A ficção científica pode dividir-se muito genericamente em dois ramos: um que se deixa guiar livremente pela imaginação e outro que tenta aderir o mais fielmente possível aos conhecimentos científicos. The Martian (Perdido em Marte, 2015) pertence claramente a este último, enquanto Interstellar (2014) pende mais para o primeiro. A comparação entre o filme de Ridley Scott e o de Christopher Nolan é fácil – são os dois exemplos mais recentes de cinema sobre o Espaço e partilham alguns dos actores principais -, mas essa primeira diferença acaba por se revelar essencial.
À partida, a ficção científica especulativa é mais interessante do que a que procura fincar os pés no chão (isto é discutível, claro). E, passe o trocadilho parvo, The Martian é bastante Marte-a-Marte, ao contrário de Interstellar, que buscava uma qualquer espiritualidade nas estrelas e nas viagens espaciais e tendia para a grandiloquência. Apesar de ter sido anunciado como uma espécie de Robinson Crosué num planeta vazio [ou um Cast Away (O Náufrago, 2000) no Espaço], e contrariando o meu anterior trocadilho parvo, boa (e importante) parte da acção do filme decorre na Terra, nos bastidores da NASA, entre discussões em escritórios, pessoas a interromper o normal funcionamento de refeitórios, excêntricos a ter epifanias a beber café e geeks a brincar com tecnologia vária. Salvo as sequências inicial e final, a tensão e o suspense, muito bem construídos, ficam em segundo plano face à burocracia de uma instituição gigantesca e à monotonia do dia-a-dia de um astronauta solitário em Marte, que consiste em grande medida no cultivo da batata.

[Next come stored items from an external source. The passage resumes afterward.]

(* Let $\alpha\in(0,1)$, $m=\alpha n$, $c\in\mathbb{N}$, $q=2^{m+c}$. Then for all $\gamma>1$ and $k\ge 3.6-\frac54\log_2\alpha$, setting $f=\frac{k\ln m}{m}$, there exists $N_k>0$ such that for all $n\ge N_k$, $\epsilon(n,m,q,f)\le\gamma\frac{2^c}{q-1}$.
   Context: For $q\ge2$: $w^*(n,q)=\max\{w\ge0:\sum_{j=1}^w\binom{n}{j}\le q-1\}$, $r(n,q)=q-1-\sum_{w=1}^{w^*(n,q)}\binom{n}{w}$, and $$\epsilon(n,m,q,f)=\frac{1}{q-1}\left[\sum_{w=1}^{w^*(n,q)}\binom{n}{w}\frac{1}{2^m}(1+(1-2f)^w)^m+\frac{r(n,q)}{2^m}(1+(1-2f)^{w^*(n,q)+1})^m\right].$$ $\ln$ is the natural logarithm. *)

From Stdlib Require Import Reals Lra.
Open Scope R_scope.

Fixpoint binsum (n w : nat) : R :=
  match w with
  | O => 0
  | S w' => binsum n w' + Binomial.C n w
  end.

Fixpoint wsearch (n : nat) (q : R) (w : nat) : nat :=
  match w with
  | O => O
  | S w' => if Rle_dec (binsum n w) (q - 1) then w else wsearch n q w'
  end.

(* w*(n,q) = max{ w >= 0 : sum_{j=1}^w binom(n,j) <= q-1 }.
   The search is restricted to w <= n (binomials vanish beyond n); this
   agrees with the paper whenever q - 1 < 2^n - 1, the only case where the
   max is finite. *)
Definition wstar (n : nat) (q : R) : nat := wsearch n q n.

Definition rem (n : nat) (q : R) : R := q - 1 - binsum n (wstar n q).

Fixpoint epssum (n m : nat) (f : R) (W : nat) : R :=
  match W with
  | O => 0
  | S W' => epssum n m f W'
            + Binomial.C n W * / 2 ^ m * (1 + (1 - 2 * f) ^ W) ^ m
  end.

Definition epsilon (n m : nat) (q f : R) : R :=
  / (q - 1) *
  (epssum n m f (wstar n q)
   + rem n q / 2 ^ m * (1 + (1 - 2 * f) ^ (S (wstar n q))) ^ m).

Definition log2 (x : R) : R := ln x / ln 2.

From Stdlib Require Import Reals Lra Lia Factorial.
Open Scope R_scope.

(* With f = k ln m / m, write u = 2fw, so that (1 - 2f)^w <= exp (-u). The weights
   binom(n, w) (w <= w* ) and r add up to q - 1, so it suffices that for every w either the
   summand 2^-m (1 + (1-2f)^w)^m is at most e^lam 2^-m, which costs at most
   e^lam 2^c <= (1 + gamma)/2 * 2^c in total, or binom(n, w) times the summand is bounded by the
   w-th term of a series of sum at most (gamma - 1)/2.
   - If u >= ln m + ln (1/lam), then m (1-2f)^w <= lam and the first alternative holds.
   - If u <= 1, then binom(n, w) <= n^w and the summand is at most m^(-k w/2): a geometric
     series of ratio n m^(-k/2) -> 0, as k > 2.
   - Otherwise binom(n, w) <= (e n / w)^w, and with t = ln m / u the product is at most
     exp(A + ln t - k t (1 - e^-u))^w, where A = ln (2 e k / alpha). The lower bound on k is
     exactly what makes k > A, which puts this exponent below some -delta < 0; since
     w >= m / (2 k ln m) in this range, these terms sum to o(1). *)

Lemma exp_le x y : x <= y -> exp x <= exp y.
Proof. intros [Hlt | ->]; [left; apply exp_increasing; exact Hlt | lra]. Qed.

Lemma ln_le x y : 0 < x -> x <= y -> ln x <= ln y.
Proof. intros Hx [Hlt | ->]; [left; apply ln_increasing; assumption | lra]. Qed.

Lemma ln_le_sub1 x : 0 < x -> ln x <= x - 1.
Proof. intros Hx. pose proof (exp_ineq1_le (ln x)) as H. rewrite exp_ln in H; lra. Qed.

Lemma exp_pow a n : exp a ^ n = exp (a * INR n).
Proof.
  induction n as [|n IH].
  - simpl. rewrite Rmult_0_r, exp_0. reflexivity.
  - rewrite <- tech_pow_Rmult, IH, <- exp_plus, S_INR. f_equal; ring.
Qed.

Lemma exp_1_ge_2 : 2 <= exp 1.
Proof. pose proof (exp_ineq1_le 1); lra. Qed.

Lemma ln_2_lt : ln 2 < 3/4.
Proof.
  assert (H : 2 < exp (3/4)).
  { replace (3/4) with (1/8 * INR 6) by (simpl; lra). rewrite <- exp_pow.
    apply Rlt_le_trans with ((1 + 1/8) ^ 6); [simpl; lra|].
    apply pow_incr. pose proof (exp_ineq1_le (1/8)); lra. }
  rewrite <- (ln_exp (3/4)). apply ln_increasing; lra.
Qed.

Lemma exp_neg_le_1_sub_half u : 0 <= u <= 1 -> exp (- u) <= 1 - u / 2.
Proof.
  intros Hu. rewrite exp_Ropp. pose proof (exp_ineq1_le u).
  apply Rle_trans with (/ (1 + u)); [apply Rinv_le_contravar; lra|].
  apply Rmult_le_reg_r with (1 + u); [lra|]. rewrite Rinv_l; nra.
Qed.

Definition eventually (P : R -> Prop) : Prop := exists L0, forall L, L0 <= L -> P L.

Lemma eventually_and (P Q : R -> Prop) :
  eventually P -> eventually Q -> eventually (fun L => P L /\ Q L).
Proof.
  intros [L1 H1] [L2 H2]. exists (Rmax L1 L2). intros L HL.
  pose proof (Rmax_l L1 L2); pose proof (Rmax_r L1 L2).
  split; [apply H1 | apply H2]; lra.
Qed.

Lemma eventually_ge x : eventually (fun L => x <= L).
Proof. exists x. tauto. Qed.

Lemma eventually_exp_ge_mul C : eventually (fun L => C * L <= exp L).
Proof.
  exists (Rmax 0 (4 * C)). intros L HL.
  pose proof (Rmax_l 0 (4 * C)); pose proof (Rmax_r 0 (4 * C)).
  assert (Hsq : (L / 2) * (L / 2) <= exp L).
  { replace L with (L / 2 + L / 2) at 3 by field. rewrite exp_plus.
    pose proof (exp_ineq1_le (L / 2)). apply Rmult_le_compat; lra. }
  nra.
Qed.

Essa banalidade com que tudo é tratado em The Martian, arrisco denominá-la secura, se não mesmo rigor, é definitivamente o melhor do filme.

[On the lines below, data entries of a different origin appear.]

Lemma extremal_pair :
  exists p q, p != q /\ forall i j, i != j -> cos2 p q <= cos2 i j.
Proof.
have n_gt1 : (1 < n)%N by rewrite -rankA rank_leq_row.
have [a [b ab]] : exists a b : 'I_n, a != b.
  by have [b ab] := exists_other (Ordinal n_gt1) n_gt1; exists (Ordinal n_gt1), b.
pose P := [pred ij : 'I_n * 'I_n | ij.1 != ij.2].
have [[p q] /= pq pq_min] := @real_arg_minP _ _ (a, b) P (fun ij => cos2 ij.1 ij.2) ab
  (fun _ _ => num_real _).
by exists p, q; split=> // i j ij; apply: (pq_min (i, j)).
Qed.

Lemma cos2_sym i j : cos2 i j = cos2 j i.
Proof. by rewrite /cos2 [A i j](sym_mxE symA) [A i i * _]mulrC. Qed.

Lemma extremal_cross p q m : (forall i j, i != j -> cos2 p q <= cos2 i j) ->
  A p q ^+ 2 * A m m <= A m p ^+ 2 * A q q.
Proof.
move=> pq_min; have App_gt0 := pos_diag_gt0 p.
rewrite -(ler_pM2l App_gt0) mulrCA [A p p * (_ * A q q)]mulrCA.
have [-> | mp] := eqVneq m p.
  by rewrite -expr2 [X in _ <= X]mulrC ler_pM2r ?exprn_gt0 // A_CS.
by have := pq_min _ _ mp; rewrite cos2_le [A m m * _]mulrC.
Qed.

Lemma cross_xcoef_ge0 p q m : 0 < minor2 A p q ->
  A p q ^+ 2 * A m m <= A m p ^+ 2 * A q q -> 0 <= xcoef A p q m.
Proof.
move=> minor_gt0 cross; rewrite /xcoef; apply: divr_ge0 (ltW minor_gt0).
rewrite subr_ge0 -ler_sqr ?nnegrE ?mulr_ge0 // !exprMn.
apply: le_trans (_ : A m m * A q q * A p q ^+ 2 <= _).
  by rewrite ler_pM2r ?A_CS // exprn_gt0 // pos_entry_gt0.
have -> : A m m * A q q * A p q ^+ 2 = A q q * (A p q ^+ 2 * A m m) by ring.
have -> : A m p ^+ 2 * A q q ^+ 2 = A q q * (A m p ^+ 2 * A q q) by ring.
by rewrite ler_pM2l ?pos_diag_gt0.
Qed.

Section ExtremalPair.
Variables (p q : 'I_n).
Hypothesis pq_min : forall i j, i != j -> cos2 p q <= cos2 i j.

(* Rows p, q are not parallel, else all rows would be, and rank A <= 1. *)
Lemma extremal_minor_gt0 : 0 < minor2 A p q.
Proof.
rewrite lt_def subr_ge0 A_CS andbT subr_eq0; apply/negP => /eqP CS_eq.
have App_gt0 := pos_diag_gt0 p.
have row_prop m c : A m c = A p m / A p p * A p c.
  have CS_eq_m : A p m ^+ 2 = A p p * A m m.
    apply/eqP; rewrite eq_le A_CS /=.
    have := extremal_cross m pq_min; rewrite -CS_eq [A m p](sym_mxE symA) mulrAC.
    by rewrite ler_pM2r ?pos_diag_gt0.
  by move: App_gt0 CS_eq_m; rewrite A_gram => Gpp_gt0 Gpm_eq; apply: gram_CS_eq.
by have := rank_le1_of_rows row_prop; rewrite rankA.
Qed.

Lemma extremal_coef_ge0 m : 0 <= xcoef A p q m /\ 0 <= ycoef A p q m.
Proof.
split; first exact: cross_xcoef_ge0 extremal_minor_gt0 (extremal_cross m pq_min).
rewrite (ycoef_swap symA); apply: cross_xcoef_ge0.
  by rewrite (minor2_swap symA) extremal_minor_gt0.
by apply: extremal_cross => i j ij; rewrite cos2_sym pq_min.
Qed.

Lemma extremal_chol21_gt0 : 0 < chol21 A p q.
Proof. by rewrite divr_gt0 ?pos_entry_gt0 ?chol11_gt0 ?pos_diag_gt0. Qed.

Lemma extremal_chol22_gt0 : 0 < chol22 A p q.
Proof. exact: chol22_gt0 (pos_diag_gt0 p) extremal_minor_gt0. Qed.

(* Rotation angles small enough to keep the rotated factor nonnegative. *)
Definition angle_scale := chol21 A p q / (4 * (chol22 A p q + chol21 A p q)).
Definition angle (j : nat) := angle_scale / j.+1%:R.

Lemma angle_scale_gt0 : 0 < angle_scale.
Proof.
have [c21_gt0 c22_gt0] := (extremal_chol21_gt0, extremal_chol22_gt0).
by rewrite divr_gt0 // mulr_gt0 // addr_gt0.
Qed.

Lemma angle_bounds j : 0 <= angle j /\
  angle j * (4 * (chol22 A p q + chol21 A p q)) <= chol21 A p q.
Proof.
have [c21_gt0 c22_gt0] := (extremal_chol21_gt0, extremal_chol22_gt0).
split; first exact: divr_ge0 (ltW angle_scale_gt0) (ler0n _ _).
rewrite /angle /angle_scale mulrAC divfK ?gt_eqF ?mulr_gt0 ?addr_gt0 //.
by rewrite ler_pdivrMr ?ltr0Sn // ler_pMr // ler1n.
Qed.

Lemma angle_inj : injective angle.
Proof.
move=> j1 j2 /(mulfI (lt0r_neq0 angle_scale_gt0))/invr_inj/eqP.
by rewrite eqr_nat eqSS => /eqP.
Qed.

(* In particular the angles are at most 1/4, where rsin < rcos. *)
Lemma angle_le j : 0 <= angle j <= 1 / 4.
Proof.
have [u_ge0 u_small] := angle_bounds j.
have [c21_gt0 c22_gt0] := (extremal_chol21_gt0, extremal_chol22_gt0).
by rewrite u_ge0 /=; nra.
Qed.

Definition family j := lift_factor A p q (chol_rot A p q (angle j)).

Lemma family_cp j : cp_factorization A (family j).
Proof.
have [App_gt0 minor_gt0] := (pos_diag_gt0 p, extremal_minor_gt0).
have [u_ge0 u_small] := angle_bounds j.
apply: (lift_factor_cp symA (lt0r_neq0 minor_gt0) rankA_le2).
- exact: chol_rot_factors.
- exact: chol_rot_det.
- by move=> m; have [] := extremal_coef_ge0 m.
- by move=> m; have [] := extremal_coef_ge0 m.
apply: chol_rot_ge0; first by have /andP [? ?] := angle_le j; apply/andP; split; lra.
  exact: A_ge0.
by apply: rot_slope u_small; rewrite ?extremal_chol21_gt0 ?extremal_chol22_gt0.
Qed.

(* Two columns is minimal since the cp-rank is at least the rank. *)
Lemma family_minimal j : minimal_cp_factorization A (family j).
Proof.
split; first exact: family_cp.
by move=> k C k_lt2 _ A_C; move: (rank_gram C); rewrite -A_C rankA leqNgt k_lt2.
Qed.

(* Row p of the family members is a scaled point on the circle, which
   distinguishes the angles even after swapping the two columns. *)
Lemma family_distinct j1 j2 : j1 <> j2 -> ~ cp_fact_eq (family j1) (family j2).
Proof.
move=> j12 /cp_fact_eqP [s /(congr1 (fun M : 'M[R]_(n, 2) => M p 0))].
have minor_neq0 := lt0r_neq0 extremal_minor_gt0.
have c11_neq0 := lt0r_neq0 (chol11_gt0 (pos_diag_gt0 p)).
rewrite mul_perm_mxE !(lift_factor_p symA minor_neq0).
case: (ord2P ((s^-1)%g 0)) => ->; rewrite !mxE /= => /(mulfI c11_neq0).
  by move/rcos_inj => /(_ (angle_bounds _).1 (angle_bounds _).1) /angle_inj /esym.
move=> cos_sin; have := rsin_lt_rcos (angle_le j1) (angle_le j2).
by rewrite cos_sin ltxx.
Qed.

End ExtremalPair.

Lemma positive_infinitely_many : infinitely_many_minimal_cp A.
Proof.
have [p [q [_ pq_min]]] := extremal_pair.
exists 2%N, (family p q); split; first exact: family_minimal.
exact: family_distinct.
Qed.

End PositiveEntries.

Lemma sym_col_neq0 n (A : 'M[R]_n) j :
  A^T = A -> (col j A != 0) = (row j A != 0).
Proof. by move=> symA; rewrite -{1}symA -tr_row trmx_eq0. Qed.

(* In an irreducible matrix of size at least 2 every vertex has a neighbour,
   so every row is nonzero. *)
Lemma irreducible_row_neq0 n (A : 'M[R]_n) i : (1 < n)%N -> irreducible_mx A ->
  row i A != 0.
Proof.
move=> n_gt1 irrA; have [j ij] := exists_other i n_gt1.
case/connectP: (irrA i j) => [[|x path_x] /= path_ij last_j].
  by rewrite last_j eqxx in ij.
move: path_ij; rewrite /mx_graph /= => /andP [/andP [_ Aix_neq0] _].
apply: contraNneq Aix_neq0 => rowi0.
by have := congr1 (fun M : 'M[R]_(1, n) => M 0 x) rowi0; rewrite !mxE => ->.
Qed.

Lemma infinite_not_unique n (A : 'M[R]_n) :
  infinitely_many_minimal_cp A -> ~ unique_cp_factorization A.
Proof.
move=> [k [f [f_min f_distinct]]] [k' [B [_ B_unique]]].
have [e _] := B_unique _ _ (f_min 0%N).1; subst k'.
have /cp_fact_eqP [s0 f0E] := B_unique _ _ (f_min 0%N).1.
have /cp_fact_eqP [s1 f1E] := B_unique _ _ (f_min 1%N).1.
apply: (f_distinct 0%N 1%N) => //; apply/cp_fact_eqP; exists (s0^-1 * s1)%g.
by rewrite f1E f0E -mulmxA -perm_mxM mulKVg.
Qed.

End RankTwoCP.

Theorem corollary3p2 (R : realType) (n : nat) (A : 'M[R]_n) :
  A^T = A -> completely_positive A -> irreducible_mx A -> \rank A = 2%N ->
  (unique_cp_factorization A <->
     exists i j : 'I_n, [/\ i != j, A i j = 0, row i A != 0 & col j A != 0])
  /\
  ((forall i j : 'I_n, i != j -> A i j != 0) -> infinitely_many_minimal_cp A).
Proof.
move=> symA [k0 [B0 [B0_ge0 A_gram]]] irrA rankA.
have infinite := positive_infinitely_many B0_ge0 A_gram rankA.
have rankA_le2 : (\rank A <= 2)%N by rewrite rankA.
have A_ge0 a b : 0 <= A a b by rewrite A_gram gram_ge0.
have diag_gt0 a : row a A != 0 -> 0 < A a a by rewrite A_gram; apply: gram_diag_gt0.
split=> //; split=> [uniqueA | [i [j [ij Aij0 rowi colj]]]]; last first.
  rewrite (sym_col_neq0 _ symA) in colj.
  exact: zero_entry_unique symA A_ge0 rankA_le2 Aij0 (diag_gt0 _ rowi) (diag_gt0 _ colj).
(* Uniqueness rules out the positive case, so some off-diagonal entry is 0;
   irreducibility makes its row and column nonzero. *)
have n_gt1 : (1 < n)%N by rewrite -rankA rank_leq_row.
case: (pickP [pred ij : 'I_n * 'I_n | (ij.1 != ij.2) && (A ij.1 ij.2 == 0)]).
  move=> [i j] /andP [/= ij /eqP Aij0]; exists i, j; split=> //.
    exact: irreducible_row_neq0.
  by rewrite (sym_col_neq0 _ symA) irreducible_row_neq0.
move=> no_zero; exfalso; apply: (infinite_not_unique _ uniqueA); apply: infinite.
by move=> i j ij; have := no_zero (i, j); rewrite /= ij => /negbT.
Qed.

É tudo espectacularmente pouco espectacular, sobretudo a interpretação de Matt Damon, cuja capacidade para ser insípido é notável (e absolutamente extraordinária num actor). Isto não será propriamente um elogio a Damon, até porque tanta mediana começa a irritar a dada altura (nas piadas “do papá”, por exemplo), mas era o que a personagem simpática e anódina pedia. Essa banalidade com que tudo é tratado em The Martian, arrisco denominá-la secura, se não mesmo rigor, é definitivamente o melhor do filme. Presumo que se deva ao argumentista Drew Goddard ou, ainda mais atrás, a Andrew Weir, autor do livro no qual este se baseia, já que Ridley Scott se foi notabilizando ao longo da carreira pela espetacularidade visual e outros efeitos de estilo, com resultados o mais da vezes balofos. Estou a ser injusto e a esquecer-me de Alien (O 8.º Passageiro, 1979) [não estava, dava-me jeito que a referência aparecesse nesta altura], muito mais seco e ossudo do que este. No entanto, a responsabilizar alguém por aqueles momentos de excitação comunal, com praças cheias de pessoas a seguir os acontecimentos finais em directo (curiosamente, os mais inverosímeis nesta ficção científica), apostaria no realizador (sou capaz de estar enganado e é bastante provável que já estivessem no livro; não vou investigar).
The Martian tem outras coisas boas. Em primeiro lugar, a surpreendente escolha de “Starman” em vez de “Life on Mars?” para canção de David Bowie num filme sobre Marte. Em segundo, os actores secundários: Jeff Daniels, apesar de dar ideia de estar sempre a apresentar o telejornal; Chiwetel Ejiofor, um actor tão bom quanto o seu nome é difícil de memorizar ou escrever ou dizer; Donald Glover a fazer de Abed: Kristen Wiig, embora ninguém se tenha lembrado de lhe dar um papel; e Sean Bean, este mais por causa da piada do Lord of the Rings. Quanto à presença chinesa obrigatória em qualquer grande produção norte-americana que pretenda penetrar no mercado chinês, esta ameaça tornar-se cada vez mais descabida (e divertida).
De qualquer forma, a campanha de marketing de The Martian – a par de The Right Stuff (Os Eleitos, 1983), o melhor filme de recrutamento da NASA – tem corrido muito bem. Esta coisa da descoberta de água em Marte veio mesmo a calhar. (Não estou a tentar insinuar coisa alguma. Ou estarei?)